Université de Strasbourg

Fellows Seminar - Literature and mathematics in early modernity: Hamlet, Pascal, and the interrupted game

March 16, 2023
From 12:30 until 14:00
MISHA, Strasbourg

Image - Dorothe - Pixabay

By Shankar Raman, 2022 Fellow

This talk is divided into two main parts. It will begin by laying out my broader project: the often-surprising connections between mathematics and literature in 16th- and 17th-century Europe. Long before science was a profession, early modern mathematical concepts evolved in contexts not narrowly scientific. Truly to understand their scope, we must relate them to other areas of cultural expression. Literature in particular addressed issues equally vital to the burgeoning sciences of quantification: calculability, contingency, and the rationality of belief in an uncertain world.

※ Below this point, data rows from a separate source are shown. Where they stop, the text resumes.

(* Let $A\in\mathbb{R}^{m\times n}$, $b\in\mathbb{R}^m$, $f(x)=\frac12\|Ax-b\|^2$, and let $x^k,x^{k-1}\in\mathbb{R}^n$ with $\nabla f(x^k)\neq 0$ and $x^k\neq x^{k-1}$. Let $g=\nabla f(x^k)/\|\nabla f(x^k)\|$, $d=(x^k-x^{k-1})/\|x^k-x^{k-1}\|$, $\epsilon=g^td$, and assume $\epsilon^2<1$. Let $S_{11}=g^tA^tAg$, $S_{12}=g^tA^tAd$, $S_{22}=d^tA^tAd$, $\eta_1=1-\epsilon^2$, $\eta_2=-S_{11}-S_{22}+2\epsilon S_{12}$, $\eta_3=S_{11}S_{22}-S_{12}^2$, $$\sigma=\frac{-\eta_2+\sqrt{\eta_2^2-4\eta_1\eta_3}}{2\eta_1},$$ let $(\tau,\rho)$ be the solution of $$\begin{pmatrix}1&\epsilon\\ \epsilon&1\end{pmatrix}\begin{pmatrix}\tau\\ \rho\end{pmatrix}=\begin{pmatrix}\sqrt{\sigma-S_{11}}\\ \sqrt{\sigma-S_{22}}\,\mathrm{sgn}(\epsilon\sigma-S_{12})\end{pmatrix},$$ and $u=\tau g+\rho d$. Then $H=\sigma\mathbf I-uu^t\succeq 0$.
   Context: $\|\cdot\|$ denotes the Euclidean norm; $\mathrm{sgn}$ is the sign function; $\mathbf I$ is the identity; $\succeq 0$ means positive semidefinite. Under these assumptions $\eta_2^2-4\eta_1\eta_3\ge 0$ and $\sigma\ge S_{11},S_{22}$, so all quantities are real. *)

From HB Require Import structures.
From mathcomp Require Import all_boot all_order all_algebra.
Set Implicit Arguments. Unset Strict Implicit. Unset Printing Implicit Defensive.
Import Order.TTheory GRing.Theory Num.Theory.
Local Open Scope ring_scope.

Definition dotv (R : rcfType) (n : nat) (u v : 'cV[R]_n) : R := (u^T *m v) 0 0.

Definition enorm (R : rcfType) (n : nat) (v : 'cV[R]_n) : R := Num.sqrt (dotv v v).

Definition grad_f (R : rcfType) (m n : nat) (A : 'M[R]_(m, n)) (b : 'cV[R]_m)
  (x : 'cV[R]_n) : 'cV[R]_n := A^T *m (A *m x - b).

Definition psd (R : rcfType) (n : nat) (H : 'M[R]_n) : Prop :=
  H^T = H /\ forall v : 'cV[R]_n, 0 <= (v^T *m H *m v) 0 0.

From HB Require Import structures.
From mathcomp Require Import all_boot all_order all_algebra.
From mathcomp Require Import ring lra.
Import Order.TTheory GRing.Theory Num.Theory.
Set Implicit Arguments. Unset Strict Implicit. Unset Printing Implicit Defensive.
Local Open Scope ring_scope.

(* The quadratic form of [H] is [v |-> sigma |v|^2 - <v, u>^2], so by Cauchy-Schwarz
   [H] is positive semidefinite as soon as [|u|^2 <= sigma].  Since [g] and [d] are
   unit vectors, [|u|^2 = tau^2 + 2 eps tau rho + rho^2], and inverting the Gram matrix
   [[1, eps], [eps, 1]] of the defining linear system gives
   [(1 - eps^2) |u|^2 = y1^2 - 2 eps y1 y2 + y2^2] for its right-hand side [(y1, y2)].
   Now [sigma] is the larger root of
   [eta1 s^2 + eta2 s + eta3 = (s - S11)(s - S22) - (eps s - S12)^2], hence
   [y1^2 = sigma - S11], [y2^2 <= sigma - S22] and [y1 y2 = eps sigma - S12], so that
   [(1 - eps^2) |u|^2 <= 2 eta1 sigma + eta2].  Finally [eta1 sigma + eta2 <= 0]: the
   product [eta3 / eta1] of the roots is nonnegative (Cauchy-Schwarz for [A g] and
   [A d]), so [sigma] is at most their sum [- eta2 / eta1]. *)

Section InnerProduct.
Variables (R : rcfType) (n : nat).
Implicit Types u v w : 'cV[R]_n.

Lemma dotvC u v : dotv u v = dotv v u.
Proof.
rewrite /dotv; have -> : (u^T *m v) 0 0 = (u^T *m v)^T 0 0 by rewrite [RHS]mxE.
by rewrite trmx_mul trmxK.
Qed.

Lemma dotvDl u v w : dotv (u + v) w = dotv u w + dotv v w.
Proof. by rewrite /dotv linearD mulmxDl mxE. Qed.

Lemma dotvZl a u w : dotv (a *: u) w = a * dotv u w.
Proof. by rewrite /dotv linearZ -scalemxAl mxE. Qed.

Lemma dotvDr u v w : dotv w (u + v) = dotv w u + dotv w v.
Proof. by rewrite dotvC dotvDl !(dotvC w). Qed.

Lemma dotvZr a u w : dotv w (a *: u) = a * dotv w u.
Proof. by rewrite dotvC dotvZl dotvC. Qed.

Lemma dotv0l v : dotv 0 v = 0.
Proof. by rewrite /dotv linear0 mul0mx mxE. Qed.

Lemma dotvE u v : dotv u v = \sum_i u i 0 * v i 0.
Proof. by rewrite /dotv mxE; apply: eq_bigr => i _; rewrite mxE. Qed.

Lemma dotv_ge0 u : 0 <= dotv u u.
Proof. by rewrite dotvE sumr_ge0 // => i _; rewrite -expr2 sqr_ge0. Qed.

Lemma dotv_eq0 u : dotv u u = 0 -> u = 0.
Proof.
rewrite dotvE => /psumr_eq0P sum0; apply/matrixP => i j; rewrite (ord1 j) mxE.
apply/eqP; rewrite -sqrf_eq0 expr2; apply/eqP/sum0 => // k _.
by rewrite -expr2 sqr_ge0.
Qed.

Lemma dotv_cauchy_schwarz u v : dotv u v ^+ 2 <= dotv u u * dotv v v.
Proof.
have [u0|uu_neq0] := eqVneq (dotv u u) 0.
  by rewrite (dotv_eq0 u0) !dotv0l expr0n mul0r.
have uu_gt0 : 0 < dotv u u by rewrite lt0r uu_neq0 dotv_ge0.
set a := dotv u u; set b := dotv u v; set c := dotv v v.
have := dotv_ge0 (a *: v - b *: u).
have -> : dotv (a *: v - b *: u) (a *: v - b *: u) = a * (a * c - b ^+ 2).
  by rewrite -scaleNr !(dotvDl, dotvDr, dotvZl, dotvZr) (dotvC v u) -/a -/b -/c; ring.
by rewrite pmulr_rge0 // subr_ge0.
Qed.

Lemma dotv_normalize v : v != 0 ->
  dotv ((enorm v)^-1 *: v) ((enorm v)^-1 *: v) = 1.
Proof.
move=> v_neq0; have vv_gt0 : 0 < dotv v v.
  by rewrite lt0r dotv_ge0 andbT; apply: contra_neq v_neq0 => /dotv_eq0.
rewrite dotvZl dotvZr /enorm mulrA -expr2 exprVn sqr_sqrtr ?ltW //.
by rewrite mulVf ?gt_eqF.
Qed.

Lemma dotv_mulmx m (A : 'M[R]_(m, n)) u v :
  dotv u (A^T *m A *m v) = dotv (A *m u) (A *m v).
Proof. by rewrite /dotv trmx_mul !mulmxA. Qed.

Lemma dotv_lincomb t r u v : dotv (t *: u + r *: v) (t *: u + r *: v)
  = t ^+ 2 * dotv u u + 2 * t * r * dotv u v + r ^+ 2 * dotv v v.
Proof. by rewrite !(dotvDl, dotvDr, dotvZl, dotvZr) (dotvC v u); ring. Qed.

Lemma quad_scalar_sub_outer s u v :
  (v^T *m (s%:M - u *m u^T) *m v) 0 0 = s * dotv v v - dotv v u ^+ 2.
Proof.
rewrite mulmxBr mulmxBl mxE [in RHS]expr2 mul_mx_scalar -scalemxAl mxE.
rewrite [X in _ + X]mxE !mulmxA -(mulmxA (v^T *m u)) [X in _ - X]mxE big_ord1.
by rewrite -/(dotv v v) -/(dotv v u) -/(dotv u v) (dotvC u v).
Qed.

Lemma psd_scalar_sub_outer s u : dotv u u <= s -> psd (s%:M - u *m u^T).
Proof.
move=> uu_le; split; first by rewrite linearB /= tr_scalar_mx trmx_mul trmxK.
move=> v; rewrite quad_scalar_sub_outer subr_ge0.
rewrite (le_trans (dotv_cauchy_schwarz v u)) //.
by rewrite mulrC ler_wpM2r ?dotv_ge0.
Qed.

End InnerProduct.

Section LargerRoot.
Variable R : rcfType.
Implicit Types a b c p : R.

Definition larger_root a b c := (- b + Num.sqrt (b ^+ 2 - 4 * a * c)) / (2 * a).

Lemma larger_rootE a b c : 0 < a ->
  2 * a * larger_root a b c + b = Num.sqrt (b ^+ 2 - 4 * a * c).
Proof. by move=> a_gt0; rewrite /larger_root; field; lra. Qed.

Lemma larger_root_eq0 a b c : 0 < a -> 0 <= b ^+ 2 - 4 * a * c ->
  a * larger_root a b c ^+ 2 + b * larger_root a b c + c = 0.
Proof.
move=> a_gt0 D_ge0; set x := larger_root a b c.
have : 4 * a * (a * x ^+ 2 + b * x + c) = (2 * a * x + b) ^+ 2 - (b ^+ 2 - 4 * a * c).
  by ring.
rewrite larger_rootE // sqr_sqrtr // subrr => /eqP.
by rewrite mulf_eq0 => /orP [/eqP|/eqP //]; lra.
Qed.

Lemma larger_root_ge a b c p : 0 < a -> (2 * a * p + b) ^+ 2 <= b ^+ 2 - 4 * a * c ->
  p <= larger_root a b c.
Proof.
move=> a_gt0 le_pD.
have : 2 * a * p + b <= 2 * a * larger_root a b c + b.
  rewrite larger_rootE // (le_trans (ler_norm _)) // -sqrtr_sqr ler_sqrt //.
  exact: le_trans (sqr_ge0 _) le_pD.
by rewrite lerD2r ler_pM2l ?mulr_gt0.
Qed.

Lemma larger_root_le_sum a b c : 0 < a -> b <= 0 -> 0 <= c ->
  a * larger_root a b c + b <= 0.
Proof.
move=> a_gt0 b_le0 c_ge0.
have : Num.sqrt (b ^+ 2 - 4 * a * c) <= - b.
  rewrite -[- b]ler0_norm // -sqrtr_sqr ler_sqrt ?sqr_ge0 // lerBlDr lerDl.
  by rewrite !mulr_ge0 // ltW.
rewrite -larger_rootE //; lra.
Qed.

Lemma sqrt_mul_sg p q c : 0 <= p -> 0 <= q -> p * q = c ^+ 2 ->
  Num.sqrt p * (Num.sqrt q * Num.sg c) = c.
Proof.
by move=> p_ge0 q_ge0 pq; rewrite mulrA -sqrtrM // pq sqrtr_sqr mulrC -numEsg.
Qed.

Lemma sqr_sqrt_mul_sg_le q c : 0 <= q -> (Num.sqrt q * Num.sg c) ^+ 2 <= q.
Proof.
move=> q_ge0; rewrite exprMn sqr_sg sqr_sqrtr //.
by case: (c != 0); rewrite ?mulr1 ?mulr0.
Qed.

End LargerRoot.

Section GramSigma.
Variables (R : rcfType) (e s11 s12 s22 : R).
Hypothesis e2_lt1 : e ^+ 2 < 1.

Definition gram_sigma :=
  larger_root (1 - e ^+ 2) (- s11 - s22 + 2 * e * s12) (s11 * s22 - s12 ^+ 2).

Let eta1_gt0 : 0 < 1 - e ^+ 2.
Proof. by rewrite subr_gt0. Qed.

Lemma gram_discriminant_ge :
  (2 * (1 - e ^+ 2) * s11 + (- s11 - s22 + 2 * e * s12)) ^+ 2
  <= (- s11 - s22 + 2 * e * s12) ^+ 2 - 4 * (1 - e ^+ 2) * (s11 * s22 - s12 ^+ 2).
Proof.
have -> : (- s11 - s22 + 2 * e * s12) ^+ 2 - 4 * (1 - e ^+ 2) * (s11 * s22 - s12 ^+ 2)
  = (2 * (1 - e ^+ 2) * s11 + (- s11 - s22 + 2 * e * s12)) ^+ 2
    + 4 * (1 - e ^+ 2) * (e * s11 - s12) ^+ 2 by ring.
rewrite lerDl mulr_ge0 ?sqr_ge0 // mulr_ge0 //; exact: ltW.
Qed.

Lemma gram_sigma_ge : s11 <= gram_sigma.
Proof. exact: larger_root_ge eta1_gt0 gram_discriminant_ge. Qed.

Lemma gram_sigma_root :
  (gram_sigma - s11) * (gram_sigma - s22) = (e * gram_sigma - s12) ^+ 2.
Proof.
apply/eqP; rewrite -subr_eq0; apply/eqP.
rewrite -[RHS](larger_root_eq0 eta1_gt0 (le_trans (sqr_ge0 _) gram_discriminant_ge)).
by rewrite /gram_sigma; ring.
Qed.

Hypotheses (s11_ge0 : 0 <= s11) (s22_ge0 : 0 <= s22).
Hypothesis s12_sqr_le : s12 ^+ 2 <= s11 * s22.

Lemma gram_eta2_le0 : - s11 - s22 + 2 * e * s12 <= 0.
Proof.
have am_gm : s11 * s22 <= ((s11 + s22) / 2) ^+ 2.
  have -> : ((s11 + s22) / 2) ^+ 2 = s11 * s22 + (s11 - s22) ^+ 2 / 4 by field.
  by rewrite lerDl divr_ge0 ?sqr_ge0.
have : (e * s12) ^+ 2 <= ((s11 + s22) / 2) ^+ 2.
  rewrite exprMn; apply: le_trans am_gm; apply: le_trans s12_sqr_le.
  exact: ler_piMl (sqr_ge0 s12) (ltW e2_lt1).
have : 0 <= (s11 + s22) / 2 by rewrite divr_ge0 ?addr_ge0.
nra.
Qed.

Lemma gram_sigma_le_sum :
  (1 - e ^+ 2) * gram_sigma + (- s11 - s22 + 2 * e * s12) <= 0.
Proof. by apply: larger_root_le_sum gram_eta2_le0 _ => //; rewrite subr_ge0. Qed.

End GramSigma.

Lemma gram_sigmaC (R : rcfType) (e s11 s12 s22 : R) :
  gram_sigma e s11 s12 s22 = gram_sigma e s22 s12 s11.
Proof. by rewrite /gram_sigma (addrC (- s11)) (mulrC s11). Qed.

Lemma gram_norm_le_sigma (R : rcfType) (e s11 s12 s22 t r : R) : e ^+ 2 < 1 ->
    0 <= s11 -> 0 <= s22 -> s12 ^+ 2 <= s11 * s22 ->
  let sigma := gram_sigma e s11 s12 s22 in
  t + e * r = Num.sqrt (sigma - s11) ->
  e * t + r = Num.sqrt (sigma - s22) * Num.sg (e * sigma - s12) ->
  t ^+ 2 + 2 * e * t * r + r ^+ 2 <= sigma.
Proof.
move=> e2_lt1 s11_ge0 s22_ge0 s12_sqr_le sigma y1E y2E.
have s11_le : 0 <= sigma - s11 by rewrite subr_ge0 gram_sigma_ge.
have s22_le : 0 <= sigma - s22 by rewrite subr_ge0 /sigma gram_sigmaC gram_sigma_ge.
have y1y2 : (t + e * r) * (e * t + r) = e * sigma - s12.
  by rewrite y1E y2E sqrt_mul_sg // gram_sigma_root.
have y1_sqr : (t + e * r) ^+ 2 = sigma - s11 by rewrite y1E sqr_sqrtr.
have y2_sqr : (e * t + r) ^+ 2 <= sigma - s22 by rewrite y2E sqr_sqrt_mul_sg_le.
have gram_inv : (1 - e ^+ 2) * (t ^+ 2 + 2 * e * t * r + r ^+ 2)
    = (t + e * r) ^+ 2 - 2 * e * ((t + e * r) * (e * t + r)) + (e * t + r) ^+ 2.
  by ring.
have := gram_sigma_le_sum e2_lt1 s11_ge0 s22_ge0 s12_sqr_le; rewrite -/sigma => le_sum.
rewrite -(ler_pM2l (_ : 0 < 1 - e ^+ 2)) ?subr_gt0 // gram_inv y1y2 y1_sqr.
lra.
Qed.

Theorem claim3 (R : rcfType) (m n : nat) (A : 'M[R]_(m, n)) (b : 'cV[R]_m)
    (xk xk1 : 'cV[R]_n) :
  grad_f A b xk != 0 ->
  xk != xk1 ->
  let g := (enorm (grad_f A b xk))^-1 *: grad_f A b xk in
  let d := (enorm (xk - xk1))^-1 *: (xk - xk1) in
  let eps := dotv g d in
  eps ^+ 2 < 1 ->
  let AtA := A^T *m A in
  let S11 := dotv g (AtA *m g) in
  let S12 := dotv g (AtA *m d) in
  let S22 := dotv d (AtA *m d) in
  let eta1 := 1 - eps ^+ 2 in
  let eta2 := - S11 - S22 + 2 * eps * S12 in
  let eta3 := S11 * S22 - S12 ^+ 2 in
  let sigma := (- eta2 + Num.sqrt (eta2 ^+ 2 - 4 * eta1 * eta3)) / (2 * eta1) in
  forall tau rho : R,
    tau + eps * rho = Num.sqrt (sigma - S11) ->
    eps * tau + rho = Num.sqrt (sigma - S22) * Num.sg (eps * sigma - S12) ->
    let u := tau *: g + rho *: d in
    psd (sigma%:M - u *m u^T).
Proof.
move=> grad_neq0 xk_neq g d eps eps2_lt1 AtA S11 S12 S22 eta1 eta2 eta3 sigma
  tau rho tauE rhoE u.
have gg : dotv g g = 1 by apply: dotv_normalize.
have dd : dotv d d = 1 by apply: dotv_normalize; rewrite subr_eq0.
apply: psd_scalar_sub_outer.
have -> : dotv u u = tau ^+ 2 + 2 * eps * tau * rho + rho ^+ 2.
  by rewrite dotv_lincomb gg dd -/eps; ring.
apply: gram_norm_le_sigma tauE rhoE => //.
- by rewrite /S11 dotv_mulmx dotv_ge0.
- by rewrite /S22 dotv_mulmx dotv_ge0.
- by rewrite /S11 /S12 /S22 !dotv_mulmx dotv_cauchy_schwarz.
Qed.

The second part of this talk offers a brief case study focused on the emergence of mathematical probability in the 17th century through Pascal and Fermat’s discussion of how to apportion stakes in a game that is interrupted before its conclusion. The interrupted game is a mathematical problem with an illustrious history and I suggest the distinctive turn that Pascal gives to its solution expresses a new epistemological attitude with regard to the future and its knowability, an attitude whose lineaments can be glimpsed not just in the sciences of the period but are in some measure sketched out in literary texts such as Shakespeare’s Hamlet.